━━━━━ Data shown ━━━━━
Section RealAnalysis.
Import Coquelicot.Coquelicot.

Lemma Defs_is_RInt_iff (g : R -> R) a b v : Defs.is_RInt g a b v <-> is_RInt g a b v.
Proof.
split.
- intros [pr <-]. rewrite <- RInt_Reals.
  apply (RInt_correct (V := R_CompleteNormedModule)), ex_RInt_Reals_1, pr.
- intros H. exists (ex_RInt_Reals_0 _ _ _ (ex_intro _ v H)).
  rewrite <- RInt_Reals. now apply is_RInt_unique.
Qed.

Lemma Defs_RInt_eq (g : R -> R) a b v : is_RInt g a b v -> Defs.RInt g a b = v.
Proof.
intros H. unfold Defs.RInt.
assert (Hex : exists v, Defs.is_RInt g a b v) by (exists v; now apply Defs_is_RInt_iff).
apply (epsilon_spec (inhabits 0)), Defs_is_RInt_iff in Hex.
rewrite <- (is_RInt_unique (V := R_CompleteNormedModule) _ _ _ _ H).
symmetry. exact (is_RInt_unique (V := R_CompleteNormedModule) _ _ _ _ Hex).
Qed.

Lemma partial1_eq (W : R -> R -> R) x y d : is_derive (fun s => W s y) x d -> partial1 W x y = d.
Proof.
intros H%is_derive_Reals. unfold partial1.
refine (uniqueness_limite _ _ _ _ _ H). apply (epsilon_spec (inhabits 0)). now exists d.
Qed.

Lemma partial2_eq (W : R -> R -> R) x y d : is_derive (fun t => W x t) y d -> partial2 W x y = d.
Proof.
intros H%is_derive_Reals. unfold partial2.
refine (uniqueness_limite _ _ _ _ _ H). apply (epsilon_spec (inhabits 0)). now exists d.
Qed.

Lemma continuous_pos_near (g : R -> R) x : continuous g x -> 0 < g x ->
  exists d, 0 < d /\ forall y, Rabs (y - x) < d -> 0 < g y.
Proof.
intros Hc Hpos.
destruct (Hc _ (open_gt 0 (g x) Hpos)) as [d Hd].
exists d. split; [apply cond_pos | exact Hd].
Qed.

Lemma continuous_eq0_of_dense (g : R -> R) x : continuous g x ->
  (forall d, 0 < d -> exists y, Rabs (y - x) < d /\ g y = 0) -> g x = 0.
Proof.
intros Hc Hdense. destruct (Req_dec (g x) 0) as [E | E]; [exact E | exfalso].
destruct (continuous_pos_near (fun y => Rabs (g y)) x) as [d [Hd Hnear]].
- apply (continuous_comp g Rabs); [exact Hc | apply continuous_Rabs].
- now apply Rabs_pos_lt.
- destruct (Hdense d Hd) as [y [Hy Hgy]].
  specialize (Hnear y Hy). rewrite Hgy, Rabs_R0 in Hnear. lra.
Qed.
(* Let $A,B\in\widehat{\mathbb F_q^\times}$ be such that each of $A$, $B$, $AB$, $A\overline B$ has order larger than $2$. Then for all $z\in\mathbb F_q$, $${}_2\mathbb F_1\!\left[\begin{matrix}A&A\phi\\&A^2\end{matrix};z\right]{}_2\mathbb F_1\!\left[\begin{matrix}B&B\phi\\&B^2\end{matrix};z\right]={}_2\mathbb F_1\!\left[\begin{matrix}AB&AB\phi\\&(AB)^2\end{matrix};z\right]+\overline B^2\!\left(\tfrac z4\right){}_2\mathbb F_1\!\left[\begin{matrix}A\overline B&A\overline B\phi\\&(A\overline B)^2\end{matrix};z\right]-\delta(1-z)AB(4),$$ $${}_2\mathbb F_1\!\left[\begin{matrix}A&A\phi\\&\phi\end{matrix};z\right]{}_2\mathbb F_1\!\left[\begin{matrix}B&B\phi\\&\phi\end{matrix};z\right]={}_2\mathbb F_1\!\left[\begin{matrix}AB&AB\phi\\&\phi\end{matrix};z\right]+\overline B^2(1-z)\,{}_2\mathbb F_1\!\left[\begin{matrix}A\overline B&A\overline B\phi\\&\phi\end{matrix};z\right]-\delta(z).$$
   Context: $\mathbb F_q$ is a finite field with $q$ elements, $q$ a power of an odd prime $p$. $\widehat{\mathbb F_q^\times}$ is the group of multiplicative characters $\chi:\mathbb F_q^\times\to\mathbb C^\times$; every character, including the trivial character $\varepsilon$, is extended to $\mathbb F_q$ by $\chi(0)=0$. $\phi$ is the quadratic character, $\overline\chi$ denotes the complex-conjugate (inverse) character, and products/powers of characters are pointwise. For $x\in\mathbb F_q$, $\delta(x)=1$ if $x=0$ and $0$ otherwise. Jacobi sum: $J(A,B)=\sum_{x\in\mathbb F_q}A(x)B(1-x)$. Period function: ${}_2\mathbb P_1\!\left[\begin{matrix}A&B\\&C\end{matrix};\lambda\right]=\sum_{y\in\mathbb F_q}B(y)\,\overline BC(1-y)\,\overline A(1-\lambda y)$; normalized function ${}_2\mathbb F_1\!\left[\begin{matrix}A&B\\&C\end{matrix};\lambda\right]=\frac{1}{J(B,C\overline B)}\,{}_2\mathbb P_1\!\left[\begin{matrix}A&B\\&C\end{matrix};\lambda\right]$. *)

From HB Require Import structures.
From mathcomp Require Import all_boot all_order all_algebra all_field.
Set Implicit Arguments. Unset Strict Implicit. Unset Printing Implicit Defensive.
Import Order.TTheory GRing.Theory Num.Theory.
Local Open Scope ring_scope.

Section FFChars.
Variable F : finFieldType.

(* A multiplicative character chi : F^x -> C^x, extended by chi(0) = 0. *)
Definition is_mchar (chi : F -> algC) : Prop :=
  [/\ chi 0 = 0,
      forall x : F, x != 0 -> chi x != 0
    & forall x y : F, x != 0 -> y != 0 -> chi (x * y) = chi x * chi y].

(* pointwise product, conjugate (= inverse) character, powers *)
Definition cmul (A B : F -> algC) : F -> algC := fun x => A x * B x.
Definition cbar (A : F -> algC) : F -> algC := fun x => (A x)^-1.
Definition cexp (A : F -> algC) (n : nat) : F -> algC := fun x => A x ^+ n.

Definition char_order (chi : F -> algC) : nat :=
  (find (fun n => [forall x : F, (x != 0) ==> (chi x ^+ n.+1 == 1)])
        (iota 0 #|F|)).+1.

Definition qchar : F -> algC := fun x =>
  if x == 0 then 0 else if [exists y : F, y ^+ 2 == x] then 1 else -1.

Definition kdelta (x : F) : algC := if x == 0 then 1 else 0.

Definition Jacobi (A B : F -> algC) : algC := \sum_(x : F) A x * B (1 - x).

Definition P21 (A B C : F -> algC) (lam : F) : algC :=
  \sum_(y : F) B y * cmul (cbar B) C (1 - y) * cbar A (1 - lam * y).

Definition F21 (A B C : F -> algC) (lam : F) : algC :=
  P21 A B C lam / Jacobi B (cmul C (cbar B)).

End FFChars.

From HB Require Import structures.
From mathcomp Require Import all_boot all_order all_algebra all_field.
From mathcomp Require Import all_fingroup all_solvable.
From mathcomp Require Import ring.

Set Implicit Arguments.
Unset Strict Implicit.
Unset Printing Implicit Defensive.
Import Order.TTheory GRing.Theory Num.Theory FinRing.Theory.
Local Open Scope ring_scope.

(* After [y = 1/w], the period [P21 X (X phi) phi z] becomes the "hyperbola sum"
   [sum_w phi(w) Xb(w + z/w - 1 - z)].  The map [w |-> z/w] shows that it vanishes when
   [z] is a nonsquare; for [z = s^2], grouping the [w] by [t = w + s^2/w], each fibre
   having [1 + phi(t^2 - 4 s^2)] points, turns it into
   [(Xb((1+s)^2) + Xb((1-s)^2)) J], where [J] is the (nonzero, of norm [q]) Jacobi sum
   normalising [F21].  So [F21 X (X phi) phi (s^2) = Xb((1+s)^2) + Xb((1-s)^2)], and the
   second identity is the expansion of a product of two such binomials.  The first
   one follows from the reflection
   [F21 X (X phi) X^2 z = X(4) F21 X (X phi) phi (1 - z)], obtained by [y |-> y/(y-1)]. *)

Lemma odd_card_two_neq0 (F : finFieldType) : odd #|F| -> (2%:R : F) != 0.
Proof.
move=> oddF; apply: contraTneq oddF => two0.
have order1 : #[GRing.one F]%g = 2%N.
  apply/prime_nt_dvdP => //; last by rewrite order_dvdn zmodXgE two0.
  by rewrite order_eq1 oner_neq0.
apply/negP; rewrite -cardsT => /(dvdn_odd (order_dvdG (in_setT (GRing.one F)))).
by rewrite order1.
Qed.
━━━━━
» What the task asks: Return only the part of the records above that opens with the line containing "(* A multiplicative" and closes with the line containing "Definition F21 (A", ends included.

» Answer space:
(* A multiplicative character chi : F^x -> C^x, extended by chi(0) = 0. *)
Definition is_mchar (chi : F -> algC) : Prop :=
  [/\ chi 0 = 0,
      forall x : F, x != 0 -> chi x != 0
    & forall x y : F, x != 0 -> y != 0 -> chi (x * y) = chi x * chi y].

(* pointwise product, conjugate (= inverse) character, powers *)
Definition cmul (A B : F -> algC) : F -> algC := fun x => A x * B x.
Definition cbar (A : F -> algC) : F -> algC := fun x => (A x)^-1.
Definition cexp (A : F -> algC) (n : nat) : F -> algC := fun x => A x ^+ n.

Definition char_order (chi : F -> algC) : nat :=
  (find (fun n => [forall x : F, (x != 0) ==> (chi x ^+ n.+1 == 1)])
        (iota 0 #|F|)).+1.

Definition qchar : F -> algC := fun x =>
  if x == 0 then 0 else if [exists y : F, y ^+ 2 == x] then 1 else -1.

Definition kdelta (x : F) : algC := if x == 0 then 1 else 0.

Definition Jacobi (A B : F -> algC) : algC := \sum_(x : F) A x * B (1 - x).

Definition P21 (A B C : F -> algC) (lam : F) : algC :=
  \sum_(y : F) B y * cmul (cbar B) C (1 - y) * cbar A (1 - lam * y).

Definition F21 (A B C : F -> algC) (lam : F) : algC :=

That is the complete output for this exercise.